◆ TASK TO CARRY OUT
Read the listing and extract each line that includes the word "destruct".
☆ ☆ ☆ ☆ ☆ ☆ ☆
Lemma is_X16_similarity (K b V1 V2 V3 P : C) :
  (0 < orient (K + b * V1) (K + b * V2) (K + b * V3))%R ->
  is_X16 V1 V2 V3 P -> is_X16 (K + b * V1) (K + b * V2) (K + b * V3) (K + b * P).
Proof.
  intros Ho; destruct (similarity_ccw _ _ _ _ _ Ho) as [Hb Ho'].
  rewrite !is_X16_iff_num by assumption.
  assert (Hb4 : (Cmod b ^ 4 <> 0)%R).
  { replace (Cmod b ^ 4)%R with (Cmod b ^ 2 * Cmod b ^ 2)%R by ring; apply Rgt_not_eq; nra. }
  rewrite !x16_num_similarity, is_barycenter_scale by exact Hb4.
  apply is_barycenter_similarity.
Qed.

Section ProductTriangle.
Variables u t : C.
Let v := u + t.
Let w := u + zeta * t.

Lemma x16_num_product_sum :
  (x16_num (u * v) (v * w) (w * u) + x16_num (v * w) (w * u) (u * v) +
   x16_num (w * u) (u * v) (v * w) = 2 * Cmod t ^ 4 * orient (u * v) (v * w) (w * u))%R.
Proof.
  replace (Cmod t ^ 4)%R with (Cmod t ^ 2 * Cmod t ^ 2)%R by ring.
  unfold x16_num, orient, v, w; rewrite !Cmod_sqr; abstract_sqrt3.
  destruct u, t; simpl; field [Hs].
Qed.

Lemma x16_num_product_moment :
  RtoC (x16_num (u * v) (v * w) (w * u)) * (u * v) +
  RtoC (x16_num (v * w) (w * u) (u * v)) * (v * w) +
  RtoC (x16_num (w * u) (u * v) (v * w)) * (w * u) = 0.
Proof.
  unfold x16_num, orient, v, w; rewrite !Cmod_sqr; abstract_sqrt3.
  destruct u, t; unfold RtoC; apply injective_projections; simpl; field [Hs].
Qed.

Lemma is_X16_product_triangle :
  (0 < orient (u * v) (v * w) (w * u))%R -> is_X16 (u * v) (v * w) (w * u) 0.
Proof.
  intros Ho; apply is_X16_iff_num; [exact Ho|]; split.
  - rewrite x16_num_product_sum.
    destruct (Ceq_dec t 0) as [Ht | Ht].
    + exfalso; revert Ho; unfold v, w; rewrite Ht.
      unfold orient; destruct u; simpl; lra.
    + apply Cmod_gt_0 in Ht; apply Rgt_not_eq.
      apply Rmult_lt_0_compat; [|exact Ho]; apply Rmult_lt_0_compat; [lra | now apply pow_lt].
  - rewrite Cmult_0_r; symmetry; apply x16_num_product_moment.
Qed.
End ProductTriangle.

Lemma x16_num_sum_equilateral (p q : C) :
  let s := p + zeta * (q - p) in
  (x16_num p q s + x16_num q s p + x16_num s p q = 0)%R.
Proof.
  intros s; unfold s, x16_num, orient; rewrite !Cmod_sqr; abstract_sqrt3.
  destruct p, q; simpl; field [Hs].
Qed.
☆ ☆ ☆ ☆ ☆ ☆ ☆
◆ YOUR RESPONSE
  intros Ho; destruct (similarity_ccw _ _ _ _ _ Ho) as [Hb Ho'].
  destruct u, t; simpl; field [Hs].
  destruct u, t; unfold RtoC; apply injective_projections; simpl; field [Hs].
    destruct (Ceq_dec t 0) as [Ht | Ht].
      unfold orient; destruct u; simpl; lra.
  destruct p, q; simpl; field [Hs].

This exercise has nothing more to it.